Inside Your Guitar
Sometimes music just fits a very particular mood and can be the overall appeal for that music. Sometimes it’s drugs. If you’re on drugs, you tend to like very particular music. Say, maybe, dance music and rock music, again depending on what particular drug. Drinking too. Every one gets very snobby and picky when drunk. Some I know love big 80s power ballads, others Radiohead to help fall into those pints, drown their sorrows figuratively and so forth. Some, oddly enough, love country music, Gram Parsons and Williams, even Parton. When sober though, they reflect hastily on this and always, literally always, shake their heads in a type of self-mooring knowledge that sober, they would never ever listen to such repetitive twanging. Not in a million sober years. But there would never be a million sober years, not as much as one single sober year so they knew deep down that they would inevitably end up listening to country music at some stage again. This creature burrowed himself deep and waited.

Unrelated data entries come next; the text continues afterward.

Definition implements (S : Type) (Q Q' : Type) (A' : PA S Q') (A : PA S Q) : Prop :=
  exists iota : Q -> Q',
    (forall q1 q2, iota q1 = iota q2 -> q1 = q2) /\
    (forall q U, lang A q U <-> lang A' (iota q) U) /\
    (fork_acyclic A -> fork_acyclic A') /\
    (pa_finite A -> pa_finite A').

Definition weakly_implements (S : Type) (Q Q' : Type) (A' : PA S Q') (A : PA S Q) : Prop :=
  exists Qq : Q -> list Q',
    (forall q U, lang A q U <-> exists x, List.In x (Qq q) /\ lang A' x U) /\
    (fork_acyclic A -> fork_acyclic A') /\
    (pa_finite A -> pa_finite A').

(* For every state q of A, add to A' a fresh state that behaves like the union
   of the states of Q_q: it has the outgoing transitions of each of them, and
   it is accepting iff one of them accepts the empty pomset.  No transition
   enters a fresh state, so a run from it is either empty or leaves it at its
   first step for some x in Q_q and then stays a run of A'.  Hence the fresh
   state accepts exactly the union of the L_{A'}(x), and every fork of the new
   automaton is a fork of A', which transfers fork-acyclicity, n-forking,
   flat branching and parsimony from A'. *)

From Pilot Require Import Defs.
From mathcomp Require Import all_boot.
From Stdlib Require Import Sorting.Permutation Relations.Relation_Operators.

Set Implicit Arguments.
Unset Strict Implicit.
Unset Printing Implicit Defensive.

Lemma mem_In (T : eqType) (x : T) (s : seq T) : x \in s -> List.In x s.
Proof. by elim: s => //= y s IHs; rewrite in_cons => /predU1P [->|/IHs]; auto. Qed.

Lemma sum_inr_factor (T A B : Type) (f : T -> A + B) (b0 : B) :
  (forall t, exists b, f t = inr b) -> exists g : T -> B, f =1 inr \o g.
Proof.
move=> f_inr; exists (fun t => if f t is inr b then b else b0) => t /=.
by case: (f_inr t) => b ->.
Qed.

Lemma map_enum_inr (T : finType) (A B : Type) (f : T -> A + B) (l : seq B) (b0 : B) :
  map f (enum T) = map inr l -> exists g : T -> B, f =1 inr \o g /\ map g (enum T) = l.
Proof.
move=> Ef; have [g fg] : exists g : T -> B, f =1 inr \o g.
  apply: (sum_inr_factor b0) => t.
  have : List.In (f t) (map inr l).
    by rewrite -Ef; apply/List.in_map/mem_In; rewrite mem_enum.
  by case/List.in_map_iff=> b [Eb _]; exists b.
exists g; split=> //; apply: (inj_map (@inr_inj A B)).
by rewrite -Ef -map_comp; apply: eq_map=> t; rewrite fg.
Qed.

Lemma lpo_iso_size (S : Type) (U V : lpo S) : lpo_iso U V -> lpo_n U = lpo_n V.
Proof. by case=> f [/bij_eq_card]; rewrite !card_ord. Qed.

Lemma lpo_iso_size0 (S : Type) (U V : lpo S) :
  lpo_n U = 0 -> lpo_n V = 0 -> lpo_iso U V.
Proof.
case: U V => n lab le [m lab' le'] /= En Em; subst n m.
by exists id; split; [exists id | split; case].
Qed.

Section PAFacts.
Variables (S Q : Type) (A : PA S Q).

Lemma run_size0 q U : lpo_n U = 0 -> run A q U q.
Proof.
by move=> U0; apply: run_iso (run_unit A q) (lpo_iso_size0 (U := lpo_empty S) erefl U0).
Qed.

Lemma lang_size0 q U V : lpo_n U = 0 -> lpo_n V = 0 -> lang A q U -> lang A q V.
Proof.
by move=> U0 V0 [r [Fr R]]; exists r; split=> //; apply: run_iso R (lpo_iso_size0 U0 V0).
Qed.

Lemma pa_gamma_fin_seq (l : seq Q) : exists Phi : seq (seq Q),
  forall x phi, List.In x l -> (exists r, pa_gamma A x phi r) ->
    exists psi, List.In psi Phi /\ Permutation phi psi.
Proof.
elim: l => [|y l [Phi IHl]]; first by exists nil.
have [Phi_y Hy] := pa_gamma_fin A y.
exists (Phi_y ++ Phi) => x phi /= [<-|lx].
- by move/Hy=> [psi [? ?]]; exists psi; split=> //; apply: List.in_or_app; left.
- move/(IHl x phi lx)=> [psi [? ?]].
  by exists psi; split=> //; apply: List.in_or_app; right.
Qed.

End PAFacts.

Arguments run_size0 {S Q A q U}.
Arguments lang_size0 {S Q A q U V}.

Section Merge.
Variables (S Q Q' : Type) (A' : PA S Q') (Qq : Q -> seq Q').

(* [inl q] is the fresh state merging [Qq q]; [inr x] is the copy of [x]. *)
Definition sources (s : Q + Q') : seq Q' :=
  match s with inl q => Qq q | inr x => [:: x] end.

Definition merge_final (s : Q + Q') : Prop :=
  match s with
  | inl q => exists2 x, List.In x (Qq q) & lang A' x (lpo_empty S)
  | inr x => pa_F A' x
  end.

Definition merge_delta (s : Q + Q') (a : S) (r : Q + Q') : Prop :=
  exists x y, List.In x (sources s) /\ r = inr y /\ pa_delta A' x a y.

Definition merge_gamma (s : Q + Q') (phi : seq (Q + Q')) (r : Q + Q') : Prop :=
  exists x phi' y,
    List.In x (sources s) /\ phi = map inr phi' /\ r = inr y /\ pa_gamma A' x phi' y.

Lemma merge_gamma_perm s phi psi r :
  Permutation phi psi -> merge_gamma s phi r -> merge_gamma s psi r.
Proof.
move=> P [x [phi' [y [sx [Ephi [-> G]]]]]]; subst phi.
have [psi' [-> P']] := Permutation_map_inv _ _ (Permutation_sym P).
exists x, psi', y; do 3!split=> //.
exact: pa_gamma_perm P' G.
Qed.

Lemma merge_gamma_fin s : exists Phi : seq (seq (Q + Q')),
  forall phi, (exists r, merge_gamma s phi r) ->
    exists psi, List.In psi Phi /\ Permutation phi psi.
Proof.
have [Phi HPhi] := pa_gamma_fin_seq A' (sources s).
exists (map (map inr) Phi) => _ [_ [x [phi' [y [sx [-> [_ G]]]]]]].
have [psi [Phi_psi P]] := HPhi x phi' sx (ex_intro _ y G).
by exists (map inr psi); split; [apply: List.in_map | apply: Permutation_map].
Qed.

Definition merge_pa : PA S (Q + Q') :=
  @MkPA S (Q + Q') merge_final merge_delta merge_gamma merge_gamma_perm merge_gamma_fin.

Lemma merge_delta_inr x a y : pa_delta A' x a y -> merge_delta (inr x) a (inr y).
Proof. by move=> D; exists x, y; split; [left | split]. Qed.

Lemma merge_gamma_inr x phi' y :
  pa_gamma A' x phi' y -> merge_gamma (inr x) (map inr phi') (inr y).
Proof. by move=> G; exists x, phi', y; split; [left | do 2!split]. Qed.

Lemma run_inr x U y : run A' x U y -> run merge_pa (inr x) U (inr y).
Proof.
elim=> {x U y} [q | q a q' D | q U q'' V q' _ R1 _ R2 | q k qs Us fs q' G F _ R
               | q U V q' _ R I].
- exact: run_unit.
- by apply/run_atom/merge_delta_inr.
- exact: run_seq R1 R2.
- apply: (run_fork (qs := inr \o qs) (fs := inr \o fs)) => //.
  by rewrite map_comp; apply: merge_gamma_inr.
- exact: run_iso R I.
Qed.

Lemma run_from_inr x U r :
  run merge_pa (inr x) U r -> exists2 y, r = inr y & run A' x U y.
Proof.
move Es: (inr x) => s R; elim: R x Es
  => {s U r} [q | q a q' D | q U q'' V q' _ IH1 _ IH2 | q k qs Us fs q' G F _ IH
             | q U V q' _ IH I] x Es; subst.
- by exists x => //; apply: run_unit.
- case: D => _ [y [[<-|//] [-> D]]].
  by exists y => //; apply: run_atom.
- have [y Ey R1] := IH1 x erefl; have [z -> R2] := IH2 y (esym Ey).
  by exists z => //; apply: run_seq R1 R2.
- case: G => _ [phi' [y [[<-|//] [Eqs [-> G]]]]].
  have [qs' [Eqs' Ephi]] := map_enum_inr y Eqs; subst phi'.
  have [fs' Efs'] : exists fs' : 'I_k -> Q', fs =1 inr \o fs'.
    apply: (sum_inr_factor y) => i.
    by have [z ? _] := IH i (qs' i) (esym (Eqs' i)); exists z.
  exists y => //; apply: (run_fork (fs := fs')) G _ _ => i.
  + by have := F i; rewrite Efs'.
  + by have [z] := IH i _ (esym (Eqs' i)); rewrite Efs' => -[->].
- have [y -> R] := IH x erefl.
  by exists y => //; apply: run_iso R I.
Qed.

Lemma run_merge_inv s U r : run merge_pa s U r ->
  (r = s /\ lpo_n U = 0) \/ exists2 x, List.In x (sources s) & run merge_pa (inr x) U r.
Proof.
elim=> {s U r} [s | s a r D | s U s' V r _ IH1 R2 IH2 | s k qs Us fs r G F R _
               | s U V r _ IH I].
- by left.
- case: D => x [y [sx [-> D]]].
  by right; exists x => //; apply/run_atom/merge_delta_inr.
- case: IH1 => [[Es U0] | [x sx R1]]; last by right; exists x => //; apply: run_seq R1 R2.
  subst s'; case: IH2 => [[-> V0] | [x sx R2']].
  + by left; split=> //=; rewrite U0 V0.
  + by right; exists x => //; apply: run_seq (run_size0 U0) R2'.
- case: G => x [phi' [y [sx [Eqs [-> G]]]]].
  by right; exists x => //; apply: run_fork F R; rewrite Eqs; apply: merge_gamma_inr.
- case: IH => [[-> U0] | [x sx R]].
  + by left; split=> //; rewrite -(lpo_iso_size I).
  + by right; exists x => //; apply: run_iso R I.
Qed.

Lemma run_from_source s x U y : List.In x (sources s) -> run A' x U y ->
  run merge_pa s U (inr y) \/ (y = x /\ lpo_n U = 0).
Proof.
move=> sx R; elim: R s sx => {x U y} [x | x a y D | x U x' V y _ IH1 R2 IH2
                                     | x k qs Us fs y G F R _ | x U V y _ IH I] s sx.
- by right.
- by left; apply: run_atom; exists x, y.
- case: (IH1 s sx) => [R1 | [Ex U0]]; first by left; apply: run_seq R1 (run_inr R2).
  subst x'; case: (IH2 s sx) => [R2' | [-> V0]].
  + by left; apply: run_seq (run_size0 U0) R2'.
  + by right; split=> //=; rewrite U0 V0.
- left; apply: (run_fork (qs := inr \o qs) (fs := inr \o fs)) => // [|i].
  + by exists x, (map qs (enum 'I_k)), y; rewrite map_comp.
  + exact: run_inr.
- case: (IH s sx) => [R | [-> U0]]; first by left; apply: run_iso R I.
  by right; split=> //; rewrite -(lpo_iso_size I).
Qed.

Lemma lang_merge_inr x U : lang merge_pa (inr x) U <-> lang A' x U.
Proof.
split=> [[r [Fr R]] | [y [Fy R]]].
- by have [y Ey R'] := run_from_inr R; subst r; exists y.
- by exists (inr y); split=> //; apply: run_inr.
Qed.

Lemma lang_merge_inl q U :
  lang merge_pa (inl q) U <-> exists x, List.In x (Qq q) /\ lang A' x U.
Proof.
split=> [[r [Fr R]] | [x [qx [y [Fy R]]]]].
- case: (run_merge_inv R) => [[Er U0] | [x qx Rx]].
  + subst r; case: Fr => x qx L; exists x; split=> //.
    exact: (lang_size0 (U := lpo_empty S) erefl U0 L).
  + by exists x; split=> //; apply/lang_merge_inr; exists r.
- case: (run_from_source (s := inl q) qx R) => [R' | [Ey U0]]; first by exists (inr y).
  subst y; exists (inl q); split; last exact: run_size0 U0.
  by exists x => //; apply: (lang_size0 (V := lpo_empty S) U0 erefl); exists x.
Qed.

Lemma merge_support_inr a y :
  Defs.support merge_pa a (inr y) -> exists2 x, a = inr x & Defs.support A' x y.
Proof.
move Ey: (inr y) => b Sab; elim: Sab y Ey => {a b} [a b St | a | a b c _ IH1 _ IH2] y Ey;
  subst.
- case: St => [[c [x [z [[<-|//] [-> D]]]]] | [[phi [x [phi' [z [[<-|//] [_ [-> G]]]]]]]
              | [phi [inphi [r [x [phi' [z [[<-|//] [Ephi [_ G]]]]]]]]]]].
  + by exists z => //; apply: rt_step; left; exists c.
  + by exists z => //; apply: rt_step; right; left; exists phi'.
  + subst phi; case/List.in_map_iff: inphi => w [<- wphi]; exists w => //.
    by apply: rt_step; right; right; exists phi'; split=> //; exists z.
- by exists y => //; apply: rt_refl.
- have [z Eb Szy] := IH2 y erefl; have [x -> Sxz] := IH1 z (esym Eb).
  by exists x => //; apply: rt_trans Sxz Szy.
Qed.

Lemma merge_fork_acyclic : fork_acyclic A' -> fork_acyclic merge_pa.
Proof.
move=> acyc s phi r inphi [p [x [phi' [y [sx [Ephi [_ G]]]]]]] Ssr; subst phi.
case/List.in_map_iff: inphi => z [Er zphi]; subst r.
have [x' Es Sxz] := merge_support_inr Ssr; subst s.
case: sx => [Ex|//]; subst x'.
by apply: (acyc x phi' z zphi _ Sxz); exists y.
Qed.

Lemma merge_n_forking n : n_forking A' n -> n_forking merge_pa n.
Proof.
by move=> nf s phi r [x [phi' [y [_ [-> [_ G]]]]]]; rewrite size_map; apply: nf G.
Qed.

Lemma merge_flat_branching : flat_branching A' -> flat_branching merge_pa.
Proof.
move=> fb s phi p [r [x [phi' [y [_ [-> [_ G]]]]]]] /List.in_map_iff [z [<- zphi]].
move=> psi r' [x' [psi' [y' [[<-|//] [_ [-> G']]]]]] /=.
exact: fb x phi' z (ex_intro _ y G) zphi psi' y' G'.
Qed.

Lemma merge_parsimonious : parsimonious A' -> parsimonious merge_pa.
Proof.
move=> ps s phi q qphi [r [x [phi' [y [_ [Ephi [_ G]]]]]]]; subst phi.
case/List.in_map_iff: qphi => z [<- zphi].
by rewrite lang_merge_inr; apply: (ps x phi' z zphi); exists y.
Qed.

Lemma merge_finite (A : PA S Q) : pa_finite A -> pa_finite A' -> pa_finite merge_pa.
Proof.
move=> [l Hl] [l' Hl']; exists (map inl l ++ map inr l') => -[q|x].
- by apply/List.in_or_app; left; apply: List.in_map.
- by apply/List.in_or_app; right; apply: List.in_map.
Qed.

End Merge.

Theorem lemma6p8 (Sigma : finType) (Q Q' : Type) (A : PA Sigma Q) (A' : PA Sigma Q') :
  weakly_implements A' A ->
  exists (Q'' : Type) (A'' : PA Sigma Q''),
    implements A'' A /\
    (forall n : nat, n_forking A' n -> n_forking A'' n) /\
    (flat_branching A' -> flat_branching A'') /\
    (parsimonious A' -> parsimonious A'').
Proof.
move=> [Qq [lang_Qq [acyc fin]]].
exists (Q + Q')%type, (merge_pa A' Qq); split; last split; last split.
- exists inl; split; first by move=> q1 q2 [].
  split; first by move=> q U; rewrite lang_Qq lang_merge_inl.
  split=> [/acyc/merge_fork_acyclic // | finA].
  exact: merge_finite finA (fin finA).
- by move=> n; apply: merge_n_forking.
- exact: merge_flat_branching.
- exact: merge_parsimonious.
Qed.
Lemma sum_1_to_rotate (g : nat -> R) k :
  (0 < k)%nat -> g (S k) = g 1%nat -> sum_1_to k (fun j => g (S j)) = sum_1_to k g.
Proof.
  intros Hk Hg; destruct k as [|m]; [lia|].
  change (sum_over (seq 1 (S m)) (fun j => g (S j)) = sum_over (seq 1 (S m)) g).
  unfold sum_over at 1; rewrite <- map_map, seq_shift; fold (sum_over (seq 2 (S m)) g).
  rewrite seq_S, sum_over_app; replace (2 + m)%nat with (S (S m)) by lia.
  unfold sum_over; simpl; rewrite Hg; ring.
Qed.

Lemma is_derive_shift (f : R -> R) a x l :
  is_derive f (x + a) l -> is_derive (fun s => f (s + a)) x l.
Proof.
  intros Hf.
  assert (Ha : is_derive (fun s => s + a) x 1) by (auto_derive; auto; ring).
  pose proof (is_derive_comp f (fun s => s + a) x l 1 Hf Ha) as Hc.
  rewrite (scal_one (K := R_AbsRing)) in Hc; exact Hc.
Qed.

(* No differentiability is needed: the difference quotients defining [Derive] are periodic. *)
Lemma Derive_periodic (f : R -> R) T :
  (forall s, f (s + T) = f s) -> forall s, Derive f (s + T) = Derive f s.
Proof.
  intros Hf s; unfold Derive; f_equal; apply Lim_ext; intros e.
  replace (s + T + e) with (s + e + T) by ring; rewrite !Hf; reflexivity.
Qed.

Lemma is_derive_RInt_0 (f : R -> R) :
  (forall y, continuous f y) -> forall x, is_derive (RInt f 0) x (f x).
Proof.
  intros Hf x; apply (is_derive_RInt f (RInt f 0) 0 x); [| apply Hf].
  apply filter_forall; intros b; apply (RInt_correct (V := R_CompleteNormedModule)).
  apply ex_RInt_continuous; intros; apply Hf.
Qed.

Lemma RInt_periodic_shift (f : R -> R) T :
  (forall y, continuous f y) -> (forall y, f (y + T) = f y) ->
  forall x, RInt f 0 (x + T) = RInt f 0 x + RInt f 0 T.
Proof.
  intros Hf HT x.
  assert (Hex : forall a b, ex_RInt f a b)
    by (intros; apply (ex_RInt_continuous (V := R_CompleteNormedModule)); intros; apply Hf).
  rewrite <- (RInt_Chasles f 0 T (x + T)) by apply Hex.
  assert (Htail : RInt f T (x + T) = RInt f 0 x).
  { replace T with (1 * 0 + T) at 1 by ring; replace (x + T) with (1 * x + T) by ring.
    rewrite <- RInt_comp_lin by apply Hex.
    apply RInt_ext; intros y _; rewrite (scal_one (K := R_AbsRing)), Rmult_1_l; apply HT. }
  rewrite Htail; apply Rplus_comm.
Qed.

Lemma is_derive_root_between (F f : R -> R) a b :
  a < b -> (forall x, is_derive F x (f x)) -> F a = F b -> exists c, a < c < b /\ f c = 0.
Proof.
  intros Hab HF HFab.
  destruct (MVT_cor2 F f a b Hab) as [c [Hc Hcab]]; [intros; apply is_derive_Reals, HF|].
  exists c; split; [exact Hcab|].
  apply (Rmult_eq_reg_r (b - a)); lra.
Qed.

Lemma exists_period_index (c s : R) n :
  0 <= s < INR n * c -> exists m, (m < n)%nat /\ INR m * c <= s < INR (S m) * c.
Proof.
  induction n as [|n IH]; intros [Hs0 Hsn]; [simpl in Hsn; lra|].
  destruct (Rlt_dec s (INR n * c)) as [Hlt | Hge].
  - destruct IH as [m [Hm Hms]]; [lra|]; exists m; split; [lia | exact Hms].
  - exists n; split; [lia | lra].
Qed.

Section TranslationInvariantSet.

Variable Z : R -> Prop.
Variable c : R.
Hypothesis Z_shift : forall s, Z (s + c) <-> Z s.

Well, It Hugs Back fits into a particular mood as well. If one wanted to relax, do nothing, get high or was possibly sick on a day off from work or school, or even hungover, the band’s debut Inside Your Guitar is the perfect medicine. Imagine all the cozy loveliness of Yo La Tengo and Stereolab, and filter it through with lapping, slapping trembley guitars and little crashing drum beats and ever so slight bass notes and you’ve got this little gem.
Each track folds into the next with Matthew Simms’ voice whispering reassuringly along the way. His voice guides like Sonic Youth’s Thurston Moore, but without any screaming or carnage. The opening ‘Q’ sets the tone for a pop-licked ambience. It sounds all very new-age but really it works. It’s great. The second track ‘Work Day’ has some glorious chord changes. ‘Don’t Know’ is sprinkled with a tiny little organ riff that rears up and down throughout. ‘Soon’ is wonderful and floaty and with ‘Back Down’ one can hear slices of Spiritualized. From about track nine on, the album picks up and lets loose a bit, which, to be honest, is necessary. Eleven of these calm tracks might have been just too much. Instead the closing tracks elevate the album at just the right time and add a new string to its bow. Not that the first eight were flat-line boring. They had life alright and they bounced but the tempo just needed to be brought up a notch. And it was. A sure sign these lads from Kent know exactly what they are doing.
So it was all a bit like a pleasant daydreaming nap on a summers day maybe out on the grass with some cider and a book? Yes, it was. And excellent for it too. This debut is certainly bigger than the sum of its many wistful intricate parts. A beautiful and lively album.